Definition coupling {R : realFieldType} (N : nat) (Jt : R) (i : nat) : R :=
  Jt / (N%:R ^+ i).

Definition hamiltonian {R : realFieldType} (N n : nat) (Jt h : R)
    (sigma : 'I_(N ^ n) -> R) : R :=
  - (1 / 2) * (\sum_(v < N ^ n) \sum_(w < N ^ n | (v < w)%N)
        coupling N Jt (hdist N n v w) * sigma v * sigma w)
  - h / 2 * \sum_(v < N ^ n) sigma v.

(* gamma_k : +1 exactly on the vertices v_1..v_k, i.e. 0-based indices < k *)
Definition gamma {R : realFieldType} (N n k : nat) (v : 'I_(N ^ n)) : R :=
  if (v < k)%N then 1 else -1.

Definition hfield {R : realFieldType} (N n : nat) (Jt : R) (m s : nat) : R :=
  Jt * ((1 - 1 / N%:R) * (n%:R - m%:R) - (s%:R - 1) / N%:R).

(* max_{lo <= i <= hi} H(h; gamma_i), as an iterated Num.max seeded with
   H(h; gamma_lo) (the ranges used below are nonempty and contain lo). *)
Definition maxH {R : realFieldType} (N n : nat) (Jt h : R) (lo hi : nat) : R :=
  \big[Num.max/@hamiltonian R N n Jt h (@gamma R N n lo)]_(lo <= i < hi.+1)
     @hamiltonian R N n Jt h (@gamma R N n i).

From HB Require Import structures.
From mathcomp Require Import all_boot all_order all_algebra.
From mathcomp Require Import zify ring lra.
Import Order.TTheory GRing.Theory Num.Theory.
Local Open Scope ring_scope.

(* Write E(k) := G(k) - h k, where G(k) = sum_{v < k <= w} J_{d(v,w)} is the weight of
   the cut of the chain at k; then H(h; gamma_k) = H(h; gamma_0) + E(k).  Expanding
   J_d = sum_{d <= l <= n} c_l with c_l = J_l - J_{l+1} (and J_{n+1} = 0) and counting
   the cut pairs inside each l-block gives G(k) = sum_l c_l r_l (N^l - r_l), r_l = k mod N^l.
   With c_l N^l = J~ (1 - 1/N) for l < n, this closed form shows that, for h = h^(m,s),
   E does not decrease when k is replaced by k mod N^(m+1), then (if still k >= s N^m)
   by (s-1) N^m + k mod N^m, and finally 0 by 1.  So every gamma_i is beaten by some
   gamma_j with 1 <= j <= s N^m. *)

Section Blocks.
Local Open Scope nat_scope.

Lemma sum_ord_between (M a b : nat) :
  \sum_(v < M) ((a <= v < b) : nat) = minn b M - a.
Proof.
elim: M => [|M IH]; first by rewrite big_ord0 minn0.
by rewrite big_ord_recr /= IH; case: (leqP a M); case: (ltnP M b); lia.
Qed.

Definition cut_pairs (P k : nat) : nat := k %% P * (P - k %% P).

Lemma sum_cut_same_block (M P k : nat) : 0 < P -> P %| M -> k <= M ->
  \sum_(v < M) \sum_(w < M) ([&& v < k, k <= w & v %/ P == w %/ P] : nat) =
  cut_pairs P k.
Proof.
move=> P_gt0 /dvdnP[t ->] k_le; rewrite /cut_pairs.
set q := k %/ P; set r := k %% P.
have k_eq : k = q * P + r by exact: divn_eq.
have r_lt : r < P by rewrite ltn_pmod.
have factor v w : [&& v < k, k <= w & v %/ P == w %/ P] =
    ((q * P <= v < k) && ((k <= w < q.+1 * P))).
  case: (ltnP v k) => v_lt; case: (leqP k w) => w_ge; rewrite /= ?andbF ?andbT //.
  have := leq_div2r P (ltnW v_lt); have := leq_div2r P w_ge.
  rewrite -leq_divRL // -ltn_divLR // ltnS -/q; lia.
under eq_bigr do under eq_bigr do rewrite factor -mulnb.
rewrite -big_distrlr /= !sum_ord_between (minn_idPl k_le).
have -> : k - q * P = r by lia.
have [->|r_gt0] := posnP r; first by rewrite !mul0n.
have : q < t by rewrite -(ltn_pmul2r P_gt0); lia.
rewrite -(leq_pmul2r P_gt0) => le_qt.
rewrite (minn_idPl le_qt); lia.
Qed.

Lemma same_block_pow_le (N k l a b : nat) : k <= l ->
  a %/ N ^ k = b %/ N ^ k -> a %/ N ^ l = b %/ N ^ l.
Proof. by move=> /subnKC <- eq_ab; rewrite expnD !divnMA eq_ab. Qed.

Lemma hdist_leq (N n a b l : nat) : a < N ^ n -> b < N ^ n -> l <= n ->
  (hdist N n a b <= l) = (a %/ N ^ l == b %/ N ^ l).
Proof.
move=> a_lt b_lt l_le; rewrite /hdist; apply/idP/idP.
- elim/big_ind: _ => [n_le|x y IHx IHy|i /eqP same_i i_le].
  + by rewrite (@anti_leq l n) ?l_le // !divn_small.
  + by rewrite geq_min => /orP[/IHx|/IHy].
  + by apply/eqP; exact: same_block_pow_le same_i.
- move=> same_l; have l_lt : l < n.+1 by [].
  rewrite -minEnat.
  exact: (bigmin_le_cond _ (fun k : 'I_n.+1 => k : nat) (j := Ordinal l_lt) same_l).
Qed.

End Blocks.

Section CutEnergy.
Variables (R : realFieldType) (N n : nat) (Jt : R).
Hypothesis N_gt0 : (0 < N)%N.

Let N_neq0 : N%:R != 0 :> R. Proof. by rewrite pnatr_eq0 -lt0n. Qed.

Lemma couplingS l : coupling N Jt l.+1 = coupling N Jt l / N%:R.
Proof. by rewrite /coupling exprSr invfM mulrA. Qed.

Lemma coupling_mul_pow l : coupling N Jt l * (N ^ l)%:R = Jt.
Proof. by rewrite /coupling natrX divfK // expf_neq0. Qed.

Definition coupling_trunc (l : nat) : R :=
  if (l <= n)%N then coupling N Jt l else 0.

Definition coupling_gap (l : nat) : R := coupling_trunc l - coupling_trunc l.+1.

Lemma sum_coupling_gap j : (j <= n)%N ->
  \sum_(j <= l < n.+1) coupling_gap l = coupling N Jt j.
Proof.
move=> j_le; rewrite (telescope_sumr_eq (fun l => - coupling_trunc l)) => [||l _].
- by rewrite /coupling_trunc ltnn j_le oppr0 opprK add0r.
- exact: leqW.
- by rewrite /coupling_gap opprK addrC.
Qed.

Lemma coupling_sum_gap d : (d <= n)%N ->
  coupling N Jt d = \sum_(0 <= l < n.+1) (d <= l)%:R * coupling_gap l.
Proof.
move=> d_le; rewrite (@big_cat_nat _ _ _ d) ?leqW //= big1_seq ?add0r => [|l].
  by rewrite -sum_coupling_gap //; apply: eq_big_nat => l /andP[-> _]; rewrite mul1r.
by rewrite mem_index_iota => /andP[_ /ltn_geF ->]; rewrite mul0r.
Qed.

Lemma coupling_gap_mul_pow l : (l < n)%N ->
  coupling_gap l * (N ^ l)%:R = Jt - Jt / N%:R.
Proof.
move=> l_lt; rewrite /coupling_gap /coupling_trunc ltnW // l_lt couplingS.
by rewrite mulrBl coupling_mul_pow mulrAC coupling_mul_pow.
Qed.

Lemma coupling_gap_mul_pow_top : coupling_gap n * (N ^ n)%:R = Jt.
Proof. by rewrite /coupling_gap /coupling_trunc leqnn ltnn subr0 coupling_mul_pow. Qed.

Lemma sum_coupling_gap_tail_mul_pow j : (j < n)%N ->
  (\sum_(j.+1 <= l < n.+1) coupling_gap l) * (N ^ j)%:R = Jt / N%:R.
Proof. by move=> j_lt; rewrite sum_coupling_gap // couplingS mulrAC coupling_mul_pow. Qed.

Lemma sum_coupling_gap_pow_sub j : (j <= n)%N ->
  \sum_(j.+1 <= l < n.+1) coupling_gap l * ((N ^ l)%:R - (N ^ j)%:R) =
  (n - j)%:R * (Jt - Jt / N%:R).
Proof.
rewrite leq_eqVlt => /orP[/eqP-> | j_lt]; first by rewrite big_geq // subnn mul0r.
under eq_bigr do rewrite mulrBr.
rewrite sumrB -mulr_suml sum_coupling_gap_tail_mul_pow // big_nat_recr /=; last by lia.
rewrite coupling_gap_mul_pow_top.
rewrite (eq_big_nat _ _ (F2 := fun=> Jt - Jt / N%:R)); last first.
  by move=> l /andP[_ l_lt]; rewrite coupling_gap_mul_pow.
rewrite sumr_const_nat mulr_natl.
have -> : (n - j)%N = (n - j.+1).+1 by lia.
by rewrite mulrSr addrA.
Qed.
***
YOUR INSTRUCTIONS | Each line above that contains the word "under" must be copied.

YOUR SOLUTION |
under eq_bigr do under eq_bigr do rewrite factor -mulnb.
under eq_bigr do rewrite mulrBr.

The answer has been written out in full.